Qatar Airways FY2025/26: record operating profit highlights strong core performance despite geopolitical shock, while net profit declines on final-year disruption
AeroMorning – John Smith – May 20, 2026
Qatar Airways reported FY2025/26 (Apr 1, 2025–Mar 31, 2026) results showing a clear divergence between record operating performance and lower net profit conversion, despite continued revenue growth.
Total revenue reached QAR 83.75bn (~$23.0bn) and net profit QAR 7.08bn (~$1.94bn), a 7–10% YoY decline due to major geopolitical airspace disruptions in the Middle East. Operating profit hit a record QAR 15.2bn (~$4.1bn). Passenger numbers were 41.8m, slightly below last year amid temporary capacity cuts (airspace closures and rerouting).
Financial interpretation: operating strength vs net conversion gap
1) Operating profit: record core airline performance
- Resilient long‑haul demand
- Strong cargo via Hamad International Airport
- High utilisation of widebodies on intercontinental routes
- Efficient hub operations across Europe–Asia–Africa flows
Core airline profitability remains very strong at the operating level.

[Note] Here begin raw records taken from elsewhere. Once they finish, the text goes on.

(* Let $\mathcal{L}$ be a closed chain of $n \ge 7$ revolute joints with screw axes $\bm{\xi}_1,\dots,\bm{\xi}_n$ (in the cyclic order of the chain). Suppose there is a line $\ell$ such that every axis $\bm{\xi}_i$ intersects $\ell$, at points $p_1,\dots,p_n$ respectively, and these points occur along $\ell$ in monotone order, i.e. $p_1, p_2, \dots, p_n$ appear consecutively in this order along $\ell$ (in one of its two directions). Then $\mathcal{L}$ is hypo-paradoxical.
   Context: For a revolute joint with unit axis direction $\bm{\omega}_i$ through point $\bm{q}_i$, the screw is $\bm{\xi}_i = (\bm{\omega}_i, \bm{q}_i\times\bm{\omega}_i)$ with twist matrix $\hat{\bm{\xi}}_i = \begin{bmatrix} [\bm{\omega}_i]_\times & \bm{q}_i \times \bm{\omega}_i \\ 0 & 0\end{bmatrix}$. The configuration space of the closed chain is $\mathcal{C}(\mathcal{L}) = \{(\theta_1,\dots,\theta_n) : \prod_{i=1}^n e^{\hat{\bm{\xi}}_i\theta_i} = I_4\}$ near $\theta=0$ (it depends only on the screw axes). The Chebyshev–Grübler–Kutzbach mobility of a closed chain with $n$ links and $n$ revolute joints is $M = n-6$. A closed chain is hypo-paradoxical if $M > 0$ but $\dim\mathcal{C}(\mathcal{L}) = 0$, i.e. it admits no nontrivial continuous motion. *)

From HB Require Import structures.
From mathcomp Require Import all_boot all_order all_algebra.
From mathcomp Require Import all_classical all_reals all_analysis.
Set Implicit Arguments. Unset Strict Implicit. Unset Printing Implicit Defensive.
Import Order.TTheory GRing.Theory Num.Theory.
Import numFieldNormedType.Exports.
Local Open Scope ring_scope.

Section Screws.
Variable R : realType.

Definition vcoord (w : 'rV[R]_3) (k : nat) : R := w ord0 (inord k).

(* The skew-symmetric matrix [w]_x, so that [w]_x *m v^T = (w x v)^T. *)
Definition skew (w : 'rV[R]_3) : 'M[R]_3 :=
  \matrix_(i < 3, j < 3)
    match val i, val j with
    | 0, 1 => - vcoord w 2 | 0, 2 => vcoord w 1
    | 1, 0 => vcoord w 2   | 1, 2 => - vcoord w 0
    | 2, 0 => - vcoord w 1 | 2, 1 => vcoord w 0
    | _, _ => 0
    end.

Definition cross (u v : 'rV[R]_3) : 'rV[R]_3 := (skew u *m v^T)^T.

Definition dot (u v : 'rV[R]_3) : R := \sum_(k < 3) u ord0 k * v ord0 k.

(* Twist matrix of the screw xi = (w, q x w) of a revolute joint with unit
   axis direction w through the point q:
     [ [w]_x   q x w ]
     [   0       0   ]   (4 x 4). *)
Definition twist (w q : 'rV[R]_3) : 'M[R]_4 :=
  let v := cross q w in
  \matrix_(i < 4, j < 4)
    if (i < 3)%N && (j < 3)%N then skew w (inord i) (inord j)
    else if (i < 3)%N && (j == 3 :> nat) then v ord0 (inord i)
    else 0.

Definition expm (A : 'M[R]_4) : 'M[R]_4 :=
  limn (fun N : nat => \sum_(k < N) (k`!%:R)^-1 *: A ^+ k).

Definition loop_closes (n : nat) (w q : 'I_n -> 'rV[R]_3) (theta : 'I_n -> R) : Prop :=
  \prod_(i < n) expm (theta i *: twist (w i) (q i)) = 1.

Definition config_space (n : nat) (w q : 'I_n -> 'rV[R]_3) : set ('I_n -> R) :=
  [set theta | loop_closes w q theta].

(* dim C(L) = 0 near theta = 0: theta = 0 is an isolated point of C(L). *)
Definition config_dim0_at_0 (n : nat) (w q : 'I_n -> 'rV[R]_3) : Prop :=
  exists2 e : R, 0 < e &
    forall theta : 'I_n -> R, config_space w q theta ->
      (forall i, `|theta i| < e) -> forall i, theta i = 0.

Definition cgk_mobility (n : nat) : int := n%:Z - 6.

Definition hypo_paradoxical (n : nat) (w q : 'I_n -> 'rV[R]_3) : Prop :=
  0 < cgk_mobility n /\ config_dim0_at_0 w q.

End Screws.

From HB Require Import structures.
From mathcomp Require Import all_boot all_order all_algebra.
From mathcomp Require Import all_classical all_reals all_analysis.
From mathcomp Require Import ring lra zify.
Import Order.TTheory GRing.Theory Num.Theory.
Import numFieldNormedType.Exports.
Set Implicit Arguments. Unset Strict Implicit. Unset Printing Implicit Defensive.
Local Open Scope ring_scope.

(* Let G_k be the product of the first k joint motions and p_j = a + t_j d the
   point where axis j meets the line.  Joint j fixes p_j, so G_(j+1) p_j = G_j p_j,
   and S_j := <G_j p_j - p_j, d> satisfies
     S_(j+1) - S_j = (t_(j+1) - t_j) (<G_(j+1) d, d> - |d|^2) <= 0,
   since G_(j+1) is an isometry and t is increasing.  The loop closes, so
   S_0 = 0 = S_n and every step is an equality case of Cauchy-Schwarz: each G_k
   fixes d and then the whole line, hence so does every joint motion.  A
   rotation by theta fixing a point off its axis has sin theta = 0, so near 0
   all joint angles vanish. *)

Section Rodrigues.
Variable R : realType.

(* [sin_sign k] and [cos_sign k] are the k-th derivatives of sin and cos at 0. *)
Definition sin_sign (k : nat) : R := (odd k)%:R * (-1) ^+ k.-1./2.
Definition cos_sign (k : nat) : R := (~~ odd k)%:R * (-1) ^+ k./2.

Lemma exprS_cubeN (A : algType R) (X : A) : X ^+ 3 = - X ->
  forall k, X ^+ k.+1 = sin_sign k.+1 *: X - cos_sign k.+1 *: X ^+ 2.
Proof.
move=> X3; elim=> [|k IH].
  by rewrite /sin_sign /cos_sign /= expr0 mul1r mul0r scale1r scale0r subr0 expr1.
rewrite exprSr IH mulrBl -!scalerAl -expr2 -exprSr X3 scalerN opprK.
rewrite addrC /sin_sign /cos_sign /= !negbK; congr (_ + _).
by case: (odd k) => /=;
  rewrite ?mul0r ?scale0r ?oppr0 // !mul1r (exprS _ k./2) mulN1r scaleNr opprK.
Qed.

Lemma exp_term_cubeN (A : algType R) (X : A) (th : R) : X ^+ 3 = - X -> forall k,
  (k`!%:R)^-1 *: (th *: X) ^+ k =
  sin_coeff th k *: X - cos_coeff th k *: X ^+ 2 + (k == 0)%:R *: (1 + X ^+ 2).
Proof.
move=> X3 [|k].
  have -> : sin_coeff th 0 = 0 by rewrite /sin_coeff /= !mul0r.
  have -> : cos_coeff th 0 = 1.
    by rewrite /cos_coeff /= mul1r (expr0 th) expr0z !mul1r invr1.
  by rewrite !expr0 /= invr1 !scale1r scale0r sub0r addrCA addNr addr0.
rewrite exprZn (exprS_cubeN X3 k) /sin_coeff /cos_coeff /= scale0r addr0.
rewrite !scalerBr !scalerA /sin_sign /cos_sign /=; congr (_ *: _ - _ *: _).
  by ring.
by change ((-1) ^ uphalf k) with ((-1 : R) ^+ uphalf k); ring.
Qed.

Lemma expm_cubeN (X : 'M[R]_4) (th : R) : X ^+ 3 = - X ->
  expm (th *: X) = 1 + sin th *: X + (1 - cos th) *: X ^+ 2.
Proof.
move=> X3; rewrite /expm.
have partial_sum N : \sum_(k < N.+1) (k`!%:R)^-1 *: (th *: X) ^+ k =
    series (sin_coeff th) N.+1 *: X - series (cos_coeff th) N.+1 *: X ^+ 2
    + (1 + X ^+ 2).
  under eq_bigr do rewrite exp_term_cubeN //.
  rewrite !big_split /= -!scaler_suml /series /= !big_mkord.
  have -> : \sum_(i < N.+1) ((i : nat) == 0)%:R = 1 :> R.
    by rewrite big_ord_recl big1 ?addr0 // => i _.
  by rewrite sumrN -scaler_suml scale1r.
apply: cvg_lim => //; rewrite -cvg_shiftS /=.
under eq_fun do rewrite partial_sum.
have -> : 1 + sin th *: X + (1 - cos th) *: X ^+ 2 =
    sin th *: X - cos th *: X ^+ 2 + (1 + X ^+ 2).
  by rewrite scalerBl scale1r [RHS]addrC -!addrA; congr (1 + _); rewrite addrCA.
apply: cvgD; last exact: cvg_cst.
apply: cvgB; apply: cvgZ; try exact: cvg_cst.
  by rewrite cvg_shiftS sin.unlock; exact: is_cvg_series_sin_coeff.
by rewrite cvg_shiftS cos.unlock; exact: is_cvg_series_cos_coeff.
Qed.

2) Net profit: late‑year geopolitical disruption
- Higher rerouting costs driving operational inefficiencies
- Capacity constraints limiting flights and revenue conversion
- Shock occurred late in the year, limiting absorption of its impact
The driver is an external late‑cycle shock, not structural weakness.
3) Cargo as a structural stabiliser
- Robust global demand (maritime disruptions)
- Strategic advantage of Doha hub (Hamad International)
- Offsets passenger revenue volatility
4) Network strategy remains a core advantage
- Doha hub model
- Long‑haul connectivity Europe–Asia–Africa
- Alliance feed via Oneworld
Structural comparison: Qatar Airways vs Emirates vs Etihad
Revenue and profitability
| Airline | Revenue FY2025/26 | Net profit | Position |
|---|---|---|---|
| Qatar Airways | QAR 83.75bn (~$23.0bn) | ~QAR 7.08bn (~$1.94bn) | Mid‑tier global carrier |
| Emirates | ~$40–41bn | ~$6.2bn | Global profitability leader |
| Etihad | ~$7–8bn | ~$0.7bn | Mid‑size restructuring carrier |
Emirates generates approximately 3× Qatar Airways’ net profit with nearly 2× revenue scale.
Fleet size and structure
| Airline | Fleet size | Structure |
|---|---|---|
| Qatar Airways | ~230–260 aircraft | A350 + 777 (long‑haul focused) |
| Emirates | ~260 aircraft | 100% widebody (A380 + 777) |
| Etihad | ~120–127 aircraft | Mixed fleet under restructuring |
Market positioning
Qatar Airways — Premium Network Carrier
- Focus: global connectivity via Doha
- Strength: Qsuite + hub efficiency
- Strategy: resilience and flexibility under geopolitical stress
Emirates — Ultra‑scale Premium Carrier
- Focus: global long‑haul dominance via Dubai
- Strategy: scale economics + premium segmentation
- Strength: unmatched scale and brand consistency
Etihad — Optimised Premium Niche Carrier
- Focus: profitability over size
- Strategy: selective route optimisation, high yields
- Status: ongoing post‑restructuring phase
Conclusion
- Record revenue QAR 83.75bn (~$23bn)
- Record operating profit QAR 15.2bn (~$4.1bn)
- Net profit QAR 7.08bn (~$1.94bn), down 7–10% YoY
- Cargo‑led resilience
- Net decline primarily from late‑year geopolitical disruption, not structural deterioration
Comparatively, Emirates leads on scale and profitability; Etihad continues restructuring; Qatar remains high‑performing but more shock‑sensitive.